Adventures Of A Mail-in Ballot: From Your Hand To Final Tally

Davis County Clerk Curtis Koch said so far they’ve received about 50% of the ballots they sent out.
Emily Means
/
KUER
Davis County Clerk Curtis Koch said the county has around 192,000 registered voters — the most they’ve ever had. As of Friday, they had processed nearly 60% of ballots.

The Davis County Clerk’s office was buzzing with less than a week to go before Election Day.

“We’ve got a lot of things going on right now,” said Curtis Koch, the county clerk, as he walked past a box of donuts and squirted hand sanitizer into his palms.

Koch said he has hired around 30 people to process ballots at the county elections center in Farmington. The room is full of whirring machines and bins stuffed with ballots.

One of the first steps is verifying voter signatures.

“We may have up to five or six different signatures that the person has provided through the [Division of Motor Vehicles] or voter registration forms,” Koch said. “That’s what we’re comparing against. If it’s a match, great, then it moves on. If it’s not, then we elevate it to more senior staff. They’re going to do some more checks.”

If the signatures still don’t match, staff will reach out to the voter to confirm it’s their ballot.

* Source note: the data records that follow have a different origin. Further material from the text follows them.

(* One service attempt ends the task with probability [rate], which removes
   its residual [1 / rate] from the total work. *)
Lemma expect_serve_lyapunov Q f :
  expect (serve (newf Q f)) (fun f' => lyapunov (newQ Q f, f'))
  <= \sum_m (total_work (Q, f) m ^+ 2 - 2 * total_work (Q, f) m + gamma^-1).
Proof.
rewrite /lyapunov expect_sum; apply: ler_sum => m _.
rewrite (expect_serve_at _ _ (fun o => (W (newQ Q f) m + resid o) ^+ 2)).
have := total_work_newQ Q f m; rewrite {1}/total_work /=.
case: (newf Q f m) (@total_work_newf_None Q f m) => [c _ <-|/(_ erefl) tw0 tw_eq] /=.
  set u := W _ m; have r_neq0 : r c != 0 by rewrite gt_eqF ?rate_gt0.
  have -> : r c * (u + 0) ^+ 2 + (1 - r c) * (u + (r c)^-1) ^+ 2 =
            (u + (r c)^-1) ^+ 2 - 2 * (u + (r c)^-1) + (r c)^-1 by field.
  by rewrite lerD2l invr_rate_le.
by rewrite -tw_eq in tw0 *; rewrite tw0 expr0n /= mulr0 subr0 add0r invr_ge0 ltW.
Qed.

Definition grows_by Q Q' (k : nat) : bool :=
  [forall m, W Q m <= W Q' m <= W Q m + k%:R / gamma].

Lemma W_incq Q i m : W (incq Q i) m = W Q m + (if m == i.1 then (r i.2)^-1 else 0).
Proof.
rewrite /Defs.W /incq; under eq_bigr => c _ do rewrite ffunE natrD mulrDl.
rewrite big_split /=; congr (_ + _); case: i => m' c' /=.
case: eqP => [->|m_neq].
  rewrite (bigD1 c') //= xpair_eqE !eqxx mul1r big1 ?addr0 // => c c_neq.
  by rewrite xpair_eqE eqxx (negbTE c_neq) mul0r.
by apply: big1 => c _; rewrite xpair_eqE; case: eqP => //= _; rewrite mul0r.
Qed.

Lemma grows_by_refl Q : grows_by Q Q 0.
Proof. by apply/forallP => m; rewrite mul0r addr0 lexx. Qed.

Lemma grows_by_trans Q1 Q2 Q3 a b :
  grows_by Q1 Q2 a -> grows_by Q2 Q3 b -> grows_by Q1 Q3 (a + b).
Proof.
move=> /forallP Q12 /forallP Q23; apply/forallP => m.
move: (Q12 m) (Q23 m); rewrite natrD mulrDl.
by move=> /andP[? ?] /andP[? ?]; apply/andP; split; lra.
Qed.

Lemma grows_byW Q Q' a b : (a <= b)%N -> grows_by Q Q' a -> grows_by Q Q' b.
Proof.
move=> a_le_b /forallP QQ'; apply/forallP => m; case/andP: (QQ' m) => -> /le_trans; apply.
by rewrite lerD2l ler_pM2r ?invr_gt0 // ler_nat.
Qed.

Lemma grows_by_incq Q i : grows_by Q (incq Q i) 1.
Proof.
apply/forallP => m; rewrite W_incq mul1r lerDl lerD2l.
by case: eqP => _; apply/andP; split; rewrite ?lexx ?invr_rate_le ?invr_ge0 ?ltW ?rate_gt0.
Qed.

Definition max_arrivals L : nat := \max_(p <- arr L) p.2.
Definition max_slot_arrivals : nat := \sum_(L <- types M) max_arrivals L.

Lemma route1_grows Q0 L Q : all (fun p => grows_by Q p.2 1) (route1 Q0 L Q).
Proof.
rewrite /Defs.route1; apply: (all_dbind (P := grows_by Q ^~ 1)); rewrite /unif all_map.
by apply/allP => m _ /=; rewrite grows_by_incq.
Qed.

Lemma routes_grow Q0 L Q n :
  all (fun p => grows_by Q p.2 n) (diter (fun Q' (_ : nat) => route1 Q0 L Q') (iota 0 n) Q).
Proof.
have := diter_all (f := fun Q' (_ : nat) => route1 Q0 L Q')
  (P := fun s Q' => grows_by Q Q' (size s)) (iota 0 n) (x := Q).
rewrite size_iota; apply=> [|s a y Qy]; first exact: grows_by_refl.
apply: sub_all (route1_grows Q0 L y) => p /(grows_by_trans Qy).
by rewrite size_rcons addn1.
Qed.

Lemma arrive_grows Q0 : all (fun p => grows_by Q0 p.2 max_slot_arrivals) (arrive Q0).
Proof.
have := diter_all (f := arrive_type Q0)
  (P := fun s Q => grows_by Q0 Q (\sum_(L <- s) max_arrivals L)) (types M) (x := Q0).
apply=> [|s L y Qy]; first by rewrite big_nil grows_by_refl.
rewrite /Defs.arrive_type.
apply: (all_dbind (P := grows_by Q0 ^~ _)); apply/allP => p p_arr.
have p_le : (p.2 <= max_arrivals L)%N by apply: leq_bigmax_seq.
apply: sub_all (routes_grow Q0 L y p.2) => q /(grows_by_trans Qy) /grows_byW; apply.
by rewrite -cats1 big_cat big_seq1 leq_add2l.
Qed.

Lemma mem_types L : (L \in types M) = is_type L.
Proof. by rewrite mem_enum. Qed.

Lemma sum_types (F : {set 'I_M} -> R) : \sum_(L <- types M) F L = \sum_(L | is_type L) F L.
Proof. by rewrite big_enum; apply: eq_bigl => L; rewrite inE. Qed.

Lemma best_cost_le Q L m m' : m' \in best Q L -> cost Q L m' <= cost Q L m.
Proof. by rewrite inE => /forallP. Qed.

Lemma type_best_neq0 Q L : is_type L -> best Q L != set0.
Proof.
rewrite /is_type => /eqP L3; have /card_gt0P[m0 _] : (0 < #|L|)%N by rewrite L3.
case: (@arg_minP _ _ _ m0 xpredT (cost Q L) isT) => m _ m_min.
by apply/set0Pn; exists m; rewrite inE; apply/forallP => m'; apply: m_min.
Qed.

Lemma is_pmf_unif (S : {set 'I_M}) : S != set0 -> is_pmf (unif R S).
Proof.
rewrite -card_gt0 => S_gt0; split.
  by rewrite /unif all_map; apply/allP => m _ /=; rewrite invr_ge0 ler0n.
rewrite /unif big_map big_enum sumr_const -(mulr_natr (#|S|%:R^-1 : R)) mulVf //.
by rewrite pnatr_eq0 -lt0n.
Qed.

Lemma is_pmf_route1 Q0 L Q : best Q0 L != set0 -> is_pmf (route1 Q0 L Q).
Proof. by move/is_pmf_unif/is_pmf_bind; apply=> m; apply: is_pmf_ret. Qed.

Lemma is_pmf_arrive_type Q0 Q L : is_type L -> is_pmf (arrive_type Q0 Q L).
Proof.
move=> L_type; apply: is_pmf_bind (arr_pmf L_type) _ => n.
by apply: is_pmf_diter => y _ _; apply: is_pmf_route1; apply: type_best_neq0.
Qed.

Lemma is_pmf_arrive Q0 : is_pmf (arrive Q0).
Proof. by apply: is_pmf_diter => Q L; rewrite mem_types; apply: is_pmf_arrive_type. Qed.

Lemma is_pmf_step z : is_pmf (step z).
Proof.
apply: is_pmf_bind (is_pmf_arrive _) _ => Q1.
by apply: is_pmf_bind (is_pmf_serve _) _ => f'; apply: is_pmf_ret.
Qed.

(* The cross term of [lyapunov] after the arrivals: the only part of the
   drift that depends on the routing decisions. *)
Definition lyap_lin z Q : R := \sum_m total_work z m * W Q m.

Lemma lyap_lin_incq z Q m c :
  lyap_lin z (incq Q (m, c)) = lyap_lin z Q + total_work z m / r c.
Proof.
rewrite /lyap_lin; under eq_bigr => m' _ do rewrite W_incq mulrDr.
rewrite big_split /=; congr (_ + _).
by rewrite (bigD1 m) //= eqxx big1 ?addr0 // => m' /negbTE ->; rewrite mulr0.
Qed.

Lemma cost_le_total_work z L m : cost z.1 L m <= total_work z m / r (cls L m).
Proof.
by rewrite /Defs.cost /total_work ler_wpM2r // ?lerDl ?resid_ge0 // invr_ge0 ltW ?rate_gt0.
Qed.

(* The routing rule sees the queue workloads only, not the residuals: this
   costs at most [gamma^-2] per task. *)
Lemma routed_work_le z L m m' : m' \in best z.1 L ->
  total_work z m' / r (cls L m') <= cost z.1 L m + gamma^-1 ^+ 2.
Proof.
move=> m'_best; rewrite /total_work mulrDl; apply: lerD; first exact: best_cost_le.
rewrite expr2; apply: ler_pM; rewrite ?resid_ge0 ?resid_le ?invr_rate_le //.
by rewrite invr_ge0 ltW ?rate_gt0.
Qed.

Lemma expect_route1_le z L Q m : best z.1 L != set0 ->
  expect (route1 z.1 L Q) (lyap_lin z) <= lyap_lin z Q + (cost z.1 L m + gamma^-1 ^+ 2).
Proof.
move=> best_neq0; rewrite /Defs.route1 expect_bind.
rewrite -(expect_cst (lyap_lin z Q + _) (is_pmf_unif best_neq0)).
apply: (ler_expect_supp (P := fun m' => m' \in best z.1 L)) => [||m' m'_best].
- exact: is_pmf_unif.
- by rewrite /unif all_map; apply/allP => m' /=; rewrite mem_enum.
- by rewrite expect_ret lyap_lin_incq lerD2l routed_work_le.
Qed.

Lemma expect_arrive_type_le z Q L m : is_type L ->
  expect (arrive_type z.1 Q L) (lyap_lin z)
    <= lyap_lin z Q + mean (arr L) * (cost z.1 L m + gamma^-1 ^+ 2).
Proof.
move=> L_type; set c := cost z.1 L m + _.
have best_neq0 := type_best_neq0 z.1 L_type.
rewrite /Defs.arrive_type expect_bind.
apply: le_trans (ler_expect (g := fun n => lyap_lin z Q + c * n%:R) (arr_pmf L_type) _) _.
  move=> n; rewrite mulrC -sum_iota_cst.
  by apply: expect_diter_le => y _ _; [apply: is_pmf_route1 | apply: expect_route1_le].
rewrite expectD (expect_cst _ (arr_pmf L_type)).
by rewrite (expectZ (arr L) c (fun n => n%:R)) mulrC.
Qed.

Lemma expect_arrive_type_weighted z Q L (w : 'I_M -> R) :
  is_type L -> (forall m, 0 <= w m) -> mean (arr L) = \sum_m w m ->
  expect (arrive_type z.1 Q L) (lyap_lin z)
    <= lyap_lin z Q + \sum_m w m * (total_work z m / r (cls L m) + gamma^-1 ^+ 2).
Proof.
move=> L_type w_ge0 mean_w; have /set0Pn[mL mL_best] := type_best_neq0 z.1 L_type.
apply: le_trans (expect_arrive_type_le z Q mL L_type) _.
rewrite lerD2l mean_w mulr_suml; apply: ler_sum => m _; rewrite ler_wpM2l // lerD2r.
exact: le_trans (best_cost_le m mL_best) (cost_le_total_work z L m).
Qed.

Variable lm : {set 'I_M} -> 'I_M -> R.
Hypothesis lm_ge0 : forall L m, 0 <= lm L m.
Hypothesis mean_arr : forall L, is_type L -> mean (arr L) = \sum_m lm L m.

Definition server_load m : R := \sum_(L | is_type L) lm L m / r (cls L m).
Definition total_rate : R := \sum_(L <- types M) \sum_m lm L m.

Lemma expect_arrive_le z :
  expect (arrive z.1) (lyap_lin z)
    <= lyap_lin z z.1 + \sum_m total_work z m * server_load m
       + gamma^-1 ^+ 2 * total_rate.
Proof.
rewrite -addrA.
have -> : \sum_m total_work z m * server_load m + gamma^-1 ^+ 2 * total_rate =
    \sum_(L <- types M) \sum_m lm L m * (total_work z m / r (cls L m) + gamma^-1 ^+ 2).
  rewrite /server_load /total_rate mulr_sumr.
  under eq_bigr => m _ do rewrite -sum_types mulr_sumr.
  rewrite exchange_big -big_split; apply: eq_bigr => L _ /=.
  by rewrite mulr_sumr -big_split; apply: eq_bigr => m _ /=; ring.
apply: expect_diter_le => Q L; rewrite mem_types => L_type.
  exact: is_pmf_arrive_type.
exact: expect_arrive_type_weighted L_type (lm_ge0 L) (mean_arr L_type).
Qed.

Definition work_jump : R := max_slot_arrivals%:R / gamma.
Definition drift_const : R :=
  (work_jump ^+ 2 + gamma^-1) *+ M + 2 * (gamma^-1 ^+ 2 * total_rate).

Lemma arrival_work_le z Q1 : grows_by z.1 Q1 max_slot_arrivals ->
  \sum_m (total_work (Q1, z.2) m ^+ 2 - 2 * total_work (Q1, z.2) m + gamma^-1)
  <= \sum_m (total_work z m ^+ 2 - 2 * total_work z m + work_jump ^+ 2 + gamma^-1)
     + 2 * (lyap_lin z Q1 - lyap_lin z z.1).
Proof.
move=> /forallP Q1_grows; rewrite /lyap_lin -sumrB mulr_sumr -big_split /=.
apply: ler_sum => m _; rewrite -mulrBr.
have -> : total_work (Q1, z.2) m = total_work z m + (W Q1 m - W z.1 m).
  by rewrite /total_work /=; ring.
apply: sqr_shift_le; case/andP: (Q1_grows m) => lo hi.
by rewrite subr_ge0 lo lerBlDl.
Qed.

Lemma lyapunov_drift z :
  expect (step z) lyapunov
    <= lyapunov z + drift_const - 2 * \sum_m total_work z m * (1 - server_load m).
Proof.
case: z => Q0 f; set z := (Q0, f).
set S := \sum_m (total_work z m ^+ 2 - 2 * total_work z m + work_jump ^+ 2 + gamma^-1).
rewrite /Defs.step expect_bind.
apply: le_trans (ler_expect (g := fun Q1 => \sum_m (total_work (Q1, f) m ^+ 2
    - 2 * total_work (Q1, f) m + gamma^-1)) (is_pmf_arrive Q0) _) _.
  by move=> Q1; rewrite expect_bind_ret; apply: expect_serve_lyapunov.
apply: le_trans (ler_expect_supp (g := fun Q1 => S + 2 * (lyap_lin z Q1 - lyap_lin z Q0))
    (is_pmf_arrive Q0) (arrive_grows Q0) _) _.
  by move=> Q1; apply: (arrival_work_le (z := z)).
rewrite expectD (expect_cst _ (is_pmf_arrive Q0)) expectZ expectD.
rewrite (expect_cst _ (is_pmf_arrive Q0)).
have S_eq : S = lyapunov z - 2 * \sum_m total_work z m + (work_jump ^+ 2 + gamma^-1) *+ M.
  by rewrite /S 3![in LHS]big_split /= sumrN -mulr_sumr !sumr_const card_ord mulrnDl !addrA.
have load_eq : \sum_m total_work z m * (1 - server_load m) =
               \sum_m total_work z m - \sum_m total_work z m * server_load m.
  by rewrite -sumrB; apply: eq_bigr => m _; rewrite mulrBr mulr1.
have := expect_arrive_le z; rewrite S_eq load_eq /drift_const; lra.
Qed.

Definition box (N : nat) : seq (state M) :=
  [seq ([ffun i => nat_of_ord (g i)], f)
     | g : {ffun 'I_M * 'I_3 -> 'I_N.+1} <- enum {: _}, f : fstate M <- enum {: _}].

Lemma mem_box N z : (forall i, z.1 i <= N)%N -> z \in box N.
Proof.
case: z => Q f /= Q_le; pose g := [ffun i => inord (Q i) : 'I_N.+1].
have -> : Q = [ffun i => nat_of_ord (g i)].
  by apply/ffunP => i; rewrite !ffunE inordK // ltnS.
by apply: allpairs_f; rewrite mem_enum.
Qed.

After that, the forms get separated from envelopes and scanned, and that data is uploaded onto a secure server. Koch said ballots stay completely secret through the whole process.

“If somebody says, ‘Curtis, can you track down my ballot because I want to change [it]?’ No, I can’t,” he said. “Once it’s verified that it’s been cast by an eligible voter, it goes into a batch and it’s done.”

Clerks will keep counting them until the results are certified two weeks later — as long as they were postmarked by the day before the election. During the 2016 general election, Koch said his office rejected around 250 ballots that were postmarked late.

“Some people might think, well, it's Monday, Nov. 2. I'm going to go drop [my ballot] in a post office box,” he said. “The problem is that post office box has already been picked up for the day, and so it's going to be postmarked the next day. At that point, I have to reject the ballot.”

Election drop boxes are open until 8 p.m. on Tuesday.

Emily Means is a government and politics reporter at KUER.